PROBLEM TO SOLVE: The reply consists of one number only: how many lines in the listing below contain the word "Stdlib".

AVAILABLE DATA:
= = = = =
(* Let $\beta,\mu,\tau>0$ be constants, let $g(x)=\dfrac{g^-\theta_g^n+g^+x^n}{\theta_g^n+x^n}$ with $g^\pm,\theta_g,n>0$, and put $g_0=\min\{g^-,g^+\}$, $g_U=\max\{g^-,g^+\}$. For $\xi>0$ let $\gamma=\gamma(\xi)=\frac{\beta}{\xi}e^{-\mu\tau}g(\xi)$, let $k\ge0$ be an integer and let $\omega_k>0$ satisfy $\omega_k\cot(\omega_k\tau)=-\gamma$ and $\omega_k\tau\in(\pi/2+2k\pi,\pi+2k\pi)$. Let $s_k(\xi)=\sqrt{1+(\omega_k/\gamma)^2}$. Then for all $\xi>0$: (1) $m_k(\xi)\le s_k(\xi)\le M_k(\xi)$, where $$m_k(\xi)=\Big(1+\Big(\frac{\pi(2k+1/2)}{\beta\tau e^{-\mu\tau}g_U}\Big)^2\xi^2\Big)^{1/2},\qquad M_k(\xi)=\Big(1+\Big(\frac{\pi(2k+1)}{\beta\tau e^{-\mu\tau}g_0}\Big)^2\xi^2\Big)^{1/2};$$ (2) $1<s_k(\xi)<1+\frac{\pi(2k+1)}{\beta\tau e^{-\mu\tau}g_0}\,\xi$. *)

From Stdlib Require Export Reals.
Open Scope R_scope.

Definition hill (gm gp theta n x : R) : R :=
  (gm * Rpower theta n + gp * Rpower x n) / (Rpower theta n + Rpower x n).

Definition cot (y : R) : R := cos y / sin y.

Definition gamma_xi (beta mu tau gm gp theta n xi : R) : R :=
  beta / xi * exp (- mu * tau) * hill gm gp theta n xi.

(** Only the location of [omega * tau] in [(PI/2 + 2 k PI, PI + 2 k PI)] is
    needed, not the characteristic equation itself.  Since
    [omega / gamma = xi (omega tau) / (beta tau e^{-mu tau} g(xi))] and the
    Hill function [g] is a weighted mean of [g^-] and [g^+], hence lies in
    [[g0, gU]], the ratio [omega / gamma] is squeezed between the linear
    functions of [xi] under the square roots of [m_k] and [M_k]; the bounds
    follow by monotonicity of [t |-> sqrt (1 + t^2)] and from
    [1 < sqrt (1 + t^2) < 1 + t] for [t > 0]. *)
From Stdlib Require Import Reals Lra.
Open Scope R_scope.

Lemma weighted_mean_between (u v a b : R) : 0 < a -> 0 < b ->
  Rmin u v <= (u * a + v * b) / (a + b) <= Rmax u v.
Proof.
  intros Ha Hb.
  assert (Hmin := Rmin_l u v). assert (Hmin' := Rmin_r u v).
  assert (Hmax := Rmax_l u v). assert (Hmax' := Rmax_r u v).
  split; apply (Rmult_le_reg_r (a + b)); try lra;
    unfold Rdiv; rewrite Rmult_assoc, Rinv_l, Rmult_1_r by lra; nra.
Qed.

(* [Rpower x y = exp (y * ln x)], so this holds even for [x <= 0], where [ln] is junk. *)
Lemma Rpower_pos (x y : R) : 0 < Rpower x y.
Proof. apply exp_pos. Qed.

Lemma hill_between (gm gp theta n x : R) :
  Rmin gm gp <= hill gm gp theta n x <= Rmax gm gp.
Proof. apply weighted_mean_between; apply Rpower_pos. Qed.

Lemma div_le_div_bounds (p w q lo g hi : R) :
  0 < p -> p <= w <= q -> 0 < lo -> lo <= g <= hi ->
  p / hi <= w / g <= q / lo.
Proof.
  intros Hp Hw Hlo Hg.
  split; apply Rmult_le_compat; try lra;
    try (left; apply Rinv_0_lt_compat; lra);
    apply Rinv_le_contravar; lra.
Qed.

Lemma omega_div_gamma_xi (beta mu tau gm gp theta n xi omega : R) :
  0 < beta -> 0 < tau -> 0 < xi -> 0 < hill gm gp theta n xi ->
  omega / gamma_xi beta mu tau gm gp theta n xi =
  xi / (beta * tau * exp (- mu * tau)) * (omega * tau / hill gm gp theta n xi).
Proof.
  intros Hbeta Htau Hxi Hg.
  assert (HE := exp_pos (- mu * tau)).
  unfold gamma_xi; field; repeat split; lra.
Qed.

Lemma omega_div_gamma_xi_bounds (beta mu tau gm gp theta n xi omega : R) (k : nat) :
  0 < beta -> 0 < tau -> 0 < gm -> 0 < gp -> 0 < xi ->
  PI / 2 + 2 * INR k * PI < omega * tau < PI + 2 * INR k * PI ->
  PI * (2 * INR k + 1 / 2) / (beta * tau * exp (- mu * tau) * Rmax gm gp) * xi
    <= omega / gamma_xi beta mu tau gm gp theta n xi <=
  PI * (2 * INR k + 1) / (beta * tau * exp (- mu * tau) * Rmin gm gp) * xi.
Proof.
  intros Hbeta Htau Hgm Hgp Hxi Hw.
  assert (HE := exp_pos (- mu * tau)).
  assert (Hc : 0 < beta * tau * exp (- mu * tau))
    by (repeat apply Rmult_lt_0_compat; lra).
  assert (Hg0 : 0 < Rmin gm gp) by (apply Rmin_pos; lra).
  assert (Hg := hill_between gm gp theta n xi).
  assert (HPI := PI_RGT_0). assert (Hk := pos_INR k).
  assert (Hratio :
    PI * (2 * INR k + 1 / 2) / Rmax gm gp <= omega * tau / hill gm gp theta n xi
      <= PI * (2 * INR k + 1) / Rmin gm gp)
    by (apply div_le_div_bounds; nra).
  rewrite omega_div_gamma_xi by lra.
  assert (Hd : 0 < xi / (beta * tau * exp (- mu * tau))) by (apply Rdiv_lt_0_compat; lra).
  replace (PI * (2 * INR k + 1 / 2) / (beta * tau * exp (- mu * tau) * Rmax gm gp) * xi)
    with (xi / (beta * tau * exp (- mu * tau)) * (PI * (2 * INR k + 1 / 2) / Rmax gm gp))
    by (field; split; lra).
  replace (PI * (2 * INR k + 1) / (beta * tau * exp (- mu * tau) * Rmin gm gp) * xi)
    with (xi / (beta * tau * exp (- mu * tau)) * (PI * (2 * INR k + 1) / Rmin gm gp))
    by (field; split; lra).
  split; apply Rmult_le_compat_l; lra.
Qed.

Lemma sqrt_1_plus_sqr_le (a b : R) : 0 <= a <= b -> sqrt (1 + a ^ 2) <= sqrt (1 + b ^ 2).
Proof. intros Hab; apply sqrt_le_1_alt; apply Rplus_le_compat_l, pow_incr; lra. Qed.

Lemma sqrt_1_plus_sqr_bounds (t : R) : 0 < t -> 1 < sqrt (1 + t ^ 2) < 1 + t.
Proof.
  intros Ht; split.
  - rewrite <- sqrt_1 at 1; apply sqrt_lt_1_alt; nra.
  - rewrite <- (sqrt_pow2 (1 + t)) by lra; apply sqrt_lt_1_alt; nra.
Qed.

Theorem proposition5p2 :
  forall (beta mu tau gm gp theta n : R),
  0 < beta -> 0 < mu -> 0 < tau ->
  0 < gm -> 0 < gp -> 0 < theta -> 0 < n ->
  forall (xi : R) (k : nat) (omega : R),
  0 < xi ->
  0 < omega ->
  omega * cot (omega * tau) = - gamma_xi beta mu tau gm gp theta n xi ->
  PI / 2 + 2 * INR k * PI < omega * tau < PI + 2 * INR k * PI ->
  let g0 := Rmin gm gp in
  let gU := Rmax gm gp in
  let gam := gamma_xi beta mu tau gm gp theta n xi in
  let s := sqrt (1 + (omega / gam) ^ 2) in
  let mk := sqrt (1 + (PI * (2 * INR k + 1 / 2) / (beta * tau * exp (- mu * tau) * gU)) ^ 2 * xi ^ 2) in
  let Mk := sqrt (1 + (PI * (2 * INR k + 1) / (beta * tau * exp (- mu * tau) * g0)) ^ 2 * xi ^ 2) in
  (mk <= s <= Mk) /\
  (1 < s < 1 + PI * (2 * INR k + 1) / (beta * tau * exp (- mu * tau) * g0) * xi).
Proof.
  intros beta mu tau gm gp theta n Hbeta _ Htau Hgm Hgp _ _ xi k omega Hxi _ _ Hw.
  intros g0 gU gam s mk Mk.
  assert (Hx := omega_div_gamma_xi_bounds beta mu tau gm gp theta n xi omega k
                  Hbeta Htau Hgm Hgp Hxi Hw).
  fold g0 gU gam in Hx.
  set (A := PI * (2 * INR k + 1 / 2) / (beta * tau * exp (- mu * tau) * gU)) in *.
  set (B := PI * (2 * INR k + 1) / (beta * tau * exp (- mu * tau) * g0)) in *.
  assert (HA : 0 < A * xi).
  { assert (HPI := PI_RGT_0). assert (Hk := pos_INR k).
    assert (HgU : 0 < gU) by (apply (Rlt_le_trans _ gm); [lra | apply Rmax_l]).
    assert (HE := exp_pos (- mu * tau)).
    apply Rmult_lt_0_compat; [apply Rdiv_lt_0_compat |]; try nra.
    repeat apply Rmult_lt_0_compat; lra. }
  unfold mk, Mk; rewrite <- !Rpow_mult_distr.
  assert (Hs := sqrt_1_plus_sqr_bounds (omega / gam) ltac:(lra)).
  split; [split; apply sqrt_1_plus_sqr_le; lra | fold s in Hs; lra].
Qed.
= = = = =
SOLUTION FOR THIS PROBLEM: 2